Their future asset growth will depend on how investors use them, Butler noted.

Franklin Templeton got regulatory approval to allow institutional investors to transfer shares of its on-chain fund to other shareholders.

“What you could do is have a venture capital firm on one side sending yield-bearing digital assets to one of their crypto-native portfolio companies that don’t have banking relationships,” he said. “That’s one idea; I don’t know what sort of adoption that receives.”

Read more: A stablecoin with yield? Tokenized fund perhaps just the start for fund giant

The stablecoin market is currently sized at about $160 billion. But unlike the Franklin Templeton fund, for example, stablecoins don’t offer users a yield. 

“To the extent you can make them more permissionless and fit certain use cases, I can see these products chipping away at that existing [total addressable market], let alone the future TAM,” Butler said.

Keep reading for more excerpts from Blockworks’ interview with Butler. 


Blockworks: What sorts of conversations are financial institutions having with blockchains as they mull their presence in the tokenization space? 

Butler: Trust and credibility are the most important factors for any Wall Street transaction. The entity looking to collaborate really needs to understand that the chain doesn’t go down. 

Virtually 100% reliability is what they’re looking for, because you can’t have a transaction just kind of disappear and fall through the cracks.

When you’re a big player thinking of coming on-chain, you also have to think about future-proofing your solution. Because if you spin something up that’s kind of a sandbox or walled garden, and there’s no future connectivity, then you have a product that’s limited in scope and you’re going to have to re-engineer everything at some point.

Read more from our opinion section: The future of tokenization? Permissioned blockchains

Blockworks: How might BlackRock’s entrance into the tokenized fund space affect how others move ahead here?

Butler: They are a thought leader, a technology leader and an innovation leader, and so when they make an action there tends to be a lot of replication.

You should just assume that almost everybody in the top 20 globally [in assets under management] has a plan for blockchain adoption. I can’t tell you when those plans will be realized, but there’s only — from my personal knowledge — one or two of the top 20 that aren’t really materially invested…without a team or a roadmap.

When BlackRock comes, it accelerates the plans for all of these other players because now they know they have air cover to do it.

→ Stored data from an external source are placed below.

(* Let $\mathcal{A}\in\mathbb{R}^{d_1\times\cdots\times d_k}$ be an order-$k$ real tensor that is $\mathbf{0}_{[k]}$-OD. Then for every partition $\pi\in\mathcal{P}_{[k]}$ with $\pi\ne\mathbf{1}_{[k]}$, \[ \|\mathrm{Unfold}_\pi(\mathcal{A})\|_\sigma=\|\mathcal{A}\|_\sigma . \]
   Context: $\mathcal{P}_{[k]}$ is the set of partitions of $[k]$; $\mathbf{0}_{[k]}=\{\{1\},\dots,\{k\}\}$, $\mathbf{1}_{[k]}=\{[k]\}$. $\mathcal{A}$ is $\mathbf{0}_{[k]}$-OD if $\mathcal{A}=\sum_{n=1}^r\lambda_n\mathbf{a}^{(n)}_1\otimes\cdots\otimes\mathbf{a}^{(n)}_k$ with $\lambda_1\ge\cdots\ge\lambda_r\ge0$, $\mathbf{a}^{(n)}_i\in\mathbb{R}^{d_i}$, and $\langle\mathbf{a}^{(n)}_i,\mathbf{a}^{(m)}_i\rangle=\delta_{nm}$ for all $i\in[k]$, $n,m\in[r]$. For a real tensor $\mathcal{T}\in\mathbb{R}^{e_1\times\cdots\times e_m}$, $\|\mathcal{T}\|_\sigma=\sup\{\sum t_{i_1\dots i_m}x^{(1)}_{i_1}\cdots x^{(m)}_{i_m}:\ \|\mathbf{x}_n\|_2=1\}$. Unfolding: for $\pi=\{B_1,\dots,B_\ell\}$, $\mathrm{Unfold}_\pi(\mathcal{A})$ is the order-$\ell$ tensor of dimensions $(\prod_{j\in B_1}d_j,\dots,\prod_{j\in B_\ell}d_j)$ whose entry at $(m_1,\dots,m_\ell)$ is $a_{i_1\dots i_k}$, where $m_j$ corresponds to $(i_r)_{r\in B_j}$ under a fixed bijection $\prod_{r\in B_j}[d_r]\to[\prod_{r\in B_j}d_r]$. *)

From HB Require Import structures.
From mathcomp Require Import all_boot all_order all_algebra.
From mathcomp Require Import reals.
Set Implicit Arguments. Unset Strict Implicit. Unset Printing Implicit Defensive.
Import Order.TTheory GRing.Theory Num.Theory.
Local Open Scope ring_scope.

Definition midx (m : nat) (e : 'I_m -> nat) := {dffun forall n : 'I_m, 'I_(e n)}.

Definition tensor (R : realType) (m : nat) (e : 'I_m -> nat) := midx e -> R.

Definition spectral_norm (R : realType) (m : nat) (e : 'I_m -> nat)
  (T : tensor R e) : R :=
  sup (fun s : R => exists x : forall n : 'I_m, 'I_(e n) -> R,
         (forall n : 'I_m, \sum_(t < e n) x n t ^+ 2 = 1) /\
         s = \sum_(idx : midx e) T idx * \prod_(n < m) x n (idx n)).

Definition OD0 (R : realType) (k : nat) (d : 'I_k -> nat) (A : tensor R d) : Prop :=
  exists (r : nat) (lam : 'I_r -> R) (a : 'I_r -> forall i : 'I_k, 'I_(d i) -> R),
    [/\ (forall n m : 'I_r, (n <= m)%N -> lam m <= lam n),
        (forall n : 'I_r, 0 <= lam n),
        (forall (i : 'I_k) (n m : 'I_r),
            \sum_(t < d i) a n i t * a m i t = (n == m)%:R) &
        (forall idx : midx d, A idx = \sum_(n < r) lam n * \prod_(i < k) a n i (idx i))].

(* Partitions of [k] (as finite sets of nonempty, pairwise disjoint blocks
   covering [set: 'I_k]); 1_[k] is [set [set: 'I_k]]. *)
Definition is_partition (k : nat) (pi : {set {set 'I_k}}) : bool :=
  finset.partition pi [set: 'I_k].

Definition one_part (k : nat) : {set {set 'I_k}} := [set [set: 'I_k]].

Definition block (k : nat) (pi : {set {set 'I_k}}) (j : nat) : {set 'I_k} :=
  nth set0 (enum pi) j.

Definition unfold_dim (k : nat) (d : 'I_k -> nat) (pi : {set {set 'I_k}})
  (j : 'I_#|pi|) : nat := \prod_(r in block pi j) d r.

(* Fixed bijection prod_{r in B_j} [d_r] -> [prod_{r in B_j} d_r]: mixed-radix
   encoding of (i_r)_{r in B_j}, ordered by increasing r (0-based). *)
Definition unfold_code (k : nat) (d : 'I_k -> nat) (B : {set 'I_k})
  (idx : midx d) : nat :=
  \sum_(r in B) (idx r : nat) * \prod_(s in B | (s < r)%N) d s.

(* Unfold_pi(A): entry at (m_1..m_l) is a_{i_1..i_k} for the (unique, since the
   codes are bijective) multi-index i whose block codes are the m_j. *)
Definition unfold (R : realType) (k : nat) (d : 'I_k -> nat)
  (pi : {set {set 'I_k}}) (A : tensor R d) : tensor R (@unfold_dim k d pi) :=
  fun mi => \sum_(idx : midx d |
                  [forall j : 'I_#|pi|, @unfold_code k d (block pi j) idx == mi j])
              A idx.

And each one has a different angle on it. It’s not just BlackRock did this and now everybody replicates. Everybody’s looking to do something slightly different or build on what’s been done before, because nobody wants to be the third fund to do the exact same thing.

But broadly speaking, fund tokenization on blockchain is a huge conversation at most of the large players.

Blockworks: Private markets investment firm Hamilton Lane and hedge fund manager Brevan Howard have tokenized funds on Polygon. Do you expect more where that came from?

Butler: Longer term the vision is for everybody from banks to large RIAs, and everyone in between, to distribute these tokenized assets. 

Why it’s interesting is that these assets are not available in any other format. So they’re going to go with both hands after that, because it enables a growth trajectory that they currently don’t have. 

There’s deep financial incentives for the providers of financial products and the distributors, such as banks, to participate in this new ecosystem. That’s why people are so motivated to participate and come on-chain.

Blockworks: What do you make of the latest effort by Visa, Mastercard, JPMorgan, Citigroup and others aimed at using a shared ledger technology to settle tokenized assets

Butler: Many of the players listed in that announcement have been working on this for so long. I would say mentally they’ve been very serious about it for the last two years, and to me, it takes about two years to get to the point of approval for production use cases at major financial institutions.

That’s why I think that while you may have seen announcements similar to this maybe two years ago, qualitatively it’s very different because of the stage that a lot of the global financial institutions are at internally.